I have only recently begun to finally make a real effort to confront my problems. So far I have drifted through the last two years of university without making any friends or participating in any social events. I would like to do at least some things in the one year I have remaining.

I have already signed up to one of the societies they run at university and am planning to go to the next freshers week and see what's there.

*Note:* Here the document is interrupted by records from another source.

Lemma Ex_setU_sub U V : Op U -> Op V ->
  Ex Op U `|` Ex Op V `<=` Ex Op (U `|` V).
Proof.
move=> OU OV; have OUV := OpU _ _ OU OV.
move=> [x|] /=.
  by case=> [/(Ex_Some OU) | /(Ex_Some OV)] h; apply/(Ex_Some OUV);
    [left | right].
by case=> /Ex_None [C KC s]; apply/Ex_None; exists C => // y;
  rewrite setCU => -[nUy nVy]; apply: s.
Qed.

Lemma Ex_finitely_additive_setU : Ex_finitely_additive Op ->
  forall U V, Op U -> Op V -> Ex Op U `|` Ex Op V = Ex Op (U `|` V).
Proof.
move=> FA U V OU OV; have [W OW eqW] := FA _ _ OU OV.
suff -> : U `|` V = W by [].
apply/seteqP; split => x.
  by case=> [/(Ex_Some OU) | /(Ex_Some OV)] h; apply/(Ex_Some OW);
    rewrite -eqW; [left | right].
move/(Ex_Some OW); rewrite -eqW.
by case=> [/(Ex_Some OU) | /(Ex_Some OV)]; [left | right].
Qed.

Lemma Ex_setT : Ex Op setT None.
Proof. by apply/Ex_None; exists set0; [exact: Kc0 | rewrite setCT]. Qed.

Lemma Ex_None_compact {A : set X} : gts_closed Op A -> Ex Op (~` A) None ->
  top_compact Op A.
Proof.
by move=> cA /Ex_None [C KC]; rewrite setCK => sAC; case: (Kc_closed_sub KC cA sAC).
Qed.

Hypotheses (hwn : weakly_normal Op) (hlc : locally_compact Op).

Lemma top_compact_open_nbhd {C : set X} : top_compact Op C ->
  exists O K, [/\ Op O, top_compact Op K, C `<=` O & O `<=` K].
Proof.
move=> cC.
pose G := [set O | Op O /\ exists K, top_compact Op K /\ O `<=` K].
have GU : forall A B, G A -> G B -> G (A `|` B).
  move=> A B [OA [KA [cA sA]]] [OB [KB [cB sB]]]; split; first exact: OpU.
  exists (KA `|` KB); split; first exact: top_compactU.
  by move=> y [/sA|/sB]; [left | right].
have G0 : G set0 by split => //; exists set0; split => //; exact: top_compact0.
have covC : C `<=` \bigcup_(O in G) O.
  move=> x _; have [K cK [U gU [Ux UK]]] := hlc x.
  have [O [OO Ox OU]] := gen_open_basis OpT OpI gU Ux.
  by exists O => //; split => //; exists K; split => // y /OU /UK.
have [H [fH sH] cvH] := cC G (fun O h => gen_open_sub h.1) covC.
have [OH [K [cK HK]]] := bigcup_finite_closed G0 GU fH sH.
by exists (\bigcup_(U in H) U), K.
Qed.

Lemma Kc_open_nbhd {C : set X} : Kc Op C ->
  exists O K, [/\ Op O, Kc Op K, C `<=` O & O `<=` K].
Proof.
move=> [cC kC]; have [O0 [K0 [OO0 cK0 CO0 O0K0]]] := top_compact_open_nbhd kC.
have cO0 : gts_closed Op (~` O0) by rewrite /gts_closed setCK.
have dj : C `&` ~` O0 = set0.
  by apply/seteqP; split => x // [/CO0].
have [U [V [OU OV CU nV UV]]] := hwn _ _ (or_intror cC) (or_intror cO0) dj.
have VO0 : ~` V `<=` O0 by move=> x nVx; apply/not_notP => /nV.
exists U, (~` V); split => //.
- split; first by rewrite /gts_closed setCK.
  apply: top_compact_closed_sub cK0 (subset_trans VO0 O0K0) _.
  by rewrite setCK; exact: gen_open_sub.
- by move=> x Ux Vx; have : (U `&` V) x by []; rewrite UV.
Qed.

Lemma Ex_setU_sup (hR : forall A B, gts_closed Op A -> gts_closed Op B ->
    A `&` B = set0 -> top_compact Op A \/ top_compact Op B) U V :
  Op U -> Op V -> Ex Op (U `|` V) `<=` Ex Op U `|` Ex Op V.
Proof.
move=> OU OV [x|].
  by move/(Ex_Some (OpU _ _ OU OV)) => [Ux|Vx];
    [left; apply/(Ex_Some OU) | right; apply/(Ex_Some OV)].
move/Ex_None => [C KC sC].
have [O [K [OO KK CO OK]]] := Kc_open_nbhd KC.
have cl Y : Op Y -> gts_closed Op (~` Y `\` O).
  by move=> OY; rewrite /gts_closed setCI !setCK; apply: OpU.
have dj : (~` U `\` O) `&` (~` V `\` O) = set0.
  apply/seteqP; split => x // [[nU nO] [nV _]].
  by apply: nO; apply: CO; apply: sC => -[].
have Ex_out Y : Op Y -> top_compact Op (~` Y `\` O) -> Ex Op Y None.
  move=> OY cY; apply/Ex_None; exists ((~` Y `\` O) `|` K).
    by apply: KcU => //; split => //; apply: cl.
  by move=> y nYy; have [/OK|] := pselect (O y); [right | left].
by case: (hR _ _ (cl _ OU) (cl _ OV) dj) => cY; [left | right]; apply: Ex_out.
Qed.

End AlexandroffCompactification.

Arguments Ex_finitely_additive_setU {X Op} FA {U V}.

Theorem proposition7p12 (X : Type) (Op : set (set X)) (Cov : set (set (set X)))
  (hgts : is_gts Op Cov) (hwn : weakly_normal Op)
  (hlc : locally_compact Op) (hnc : ~ top_compact Op setT) :
  Ex_finitely_additive Op <->
  (forall A B : set X, gts_closed Op A -> gts_closed Op B -> A `&` B = set0 ->
     top_compact Op A \/ top_compact Op B).
Proof.
case: hgts => Op0 OpT OpU OpI _.
split=> [FA A B cA cB AB | hR U V OU OV].
- have EAB := Ex_finitely_additive_setU FA cA cB.
  have : Ex Op (~` A `|` ~` B) None by rewrite -setCI AB setC0; exact: Ex_setT.
  rewrite -EAB => -[EA | EB]; [left | right]; exact: Ex_None_compact.
- exists (U `|` V); first exact: OpU.
  apply/seteqP; split; first exact: Ex_setU_sub.
  exact: Ex_setU_sup.
Qed.
(* Fix $1<p<\infty$. Fix natural numbers $l_1,\dots,l_d$, $0<\mu<1$, $\lambda,\Theta>0$, and $M>\lambda/\Theta$. Then for any $0<\eta_1<1$ there exists $0<\eta<\eta_1$ with the following property. Suppose $l_{d+1}$ is a natural number, $L=\prod_{i=1}^{d+1}l_i$, $T=\bigcup_{i=0}^{d+1}\Lambda_i$ is an $(l_1,\dots,l_{d+1})$ interval tree, and $(r_I)_{I\in T},(s_I)_{I\in T}$ are non-negative numbers such that (i) for each $I\in T$, $r_I\le\lambda s_I$; (ii) for each $I\in T\setminus\Lambda_{d+1}$, $r_I\le\sum_{J^-=I}r_J$ and $s_I\le\sum_{J^-=I}s_J$; (iii) for each $I\in\Lambda_d$, $r_I^p\le(1+\eta)\Theta^p l_{d+1}^{p-1}\sum_{J^-=I}s_J^p$; (iv) $r_{[L]}^p>(1-\eta)\Theta^p\bigl(\prod_{i=1}^{d+1}l_i^{p-1}\bigr)\sum_{I\in\Lambda_{d+1}}s_I^p$. Then for any $0\le j\le d$, $\max_{I\in\Lambda_j}s_I\le M\min_{I\in\Lambda_j}s_I$, and for any $0\le i<d$ and $I_1\in\Lambda_i$, $r_{I_1}^p>(1-\mu)l_{i+1}^{p-1}\sum_{J^-=I_1}r_J^p$.
   Context: $[n]=\{1,\dots,n\}$. Given natural numbers $l_1,\dots,l_{k}$ with $L=\prod_{j=1}^{k}l_j$, an $(l_1,\dots,l_k)$ interval tree $T=\bigcup_{i=0}^k\Lambda_i$ is built as follows: $\Lambda_0=\{[L]\}$; if $\Lambda_i$ ($i<k$) consists of pairwise disjoint integer subintervals of $[L]$ each of cardinality $\prod_{j=i+1}^k l_j$, then each $I\in\Lambda_i$ is partitioned into $l_{i+1}$ integer subintervals of equal cardinality, and $\Lambda_{i+1}$ is the set of all these subintervals over all $I\in\Lambda_i$. For $0<j\le k$ and $J\in\Lambda_j$, $J^-$ denotes the unique $I\in\Lambda_{j-1}$ with $J\subset I$; sums $\sum_{J^-=I}$ range over the children of $I$. *)

From mathcomp Require Import all_boot all_order all_algebra.
From mathcomp Require Import all_classical all_reals all_analysis.
Set Implicit Arguments. Unset Strict Implicit. Unset Printing Implicit Defensive.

However, is it too late? I mean, I've been by myself all that time and now a lot of people might recognise me as that wierd guy who hangs out by himself all the time. They say first impressions are what counts and I think I may have already blown mine.


----------



## Karuna (Sep 22, 2009)

I understand what you mean when you say that first impressions count for everything. I suffer from that same kind of thinking too where I begin to believe that I've established myself as a kind of loner, quiet kid and that coming out of my shell, whether it be at social events or participating in class, will draw attention to myself. From my own experience that kind of thinking will only dig a deeper hole for yourself and provides a kind of justification for your SA. No one classifies and judges you the way you think they do. You're not "that guy" that everyone thinks is weird and strange, it's all in your head. Think about your own thought process: If someone who has a reputation for being quiet suddenly shows up for a social event or speaks up in class, do you really care? I for one couldn't care less because I don't pay attention to little things like that and I think the same can be said for just about everyone else. It's never too late.


----------



## jordo (Sep 3, 2009)

Never too late.


----------



## ringfortheking (Sep 22, 2009)

Nothing's too late bro.

Check this page out, http://www.selfmadeeasy.com

It might be able to help you with what you're going through right now.


----------



## cellophanegirl (Sep 21, 2009)

Ugg, i think you're me!! I'm a junior this year in college, and I do have a couple people I consider "friends" although most of them hardly ever call me or make an effort to hang out with me. I told myself this year would be different, so I joined some different clubs and organizations etc. The thing is... it seems like all the clubs are populated by freshman, and I'm having a really hard time meeting people still. 

What kind of "society" are you talking about? Is that like a frat or something? my school doesn't have those. 

Let me know how it goes!! If it goes well, maybe you could offer me some tips


----------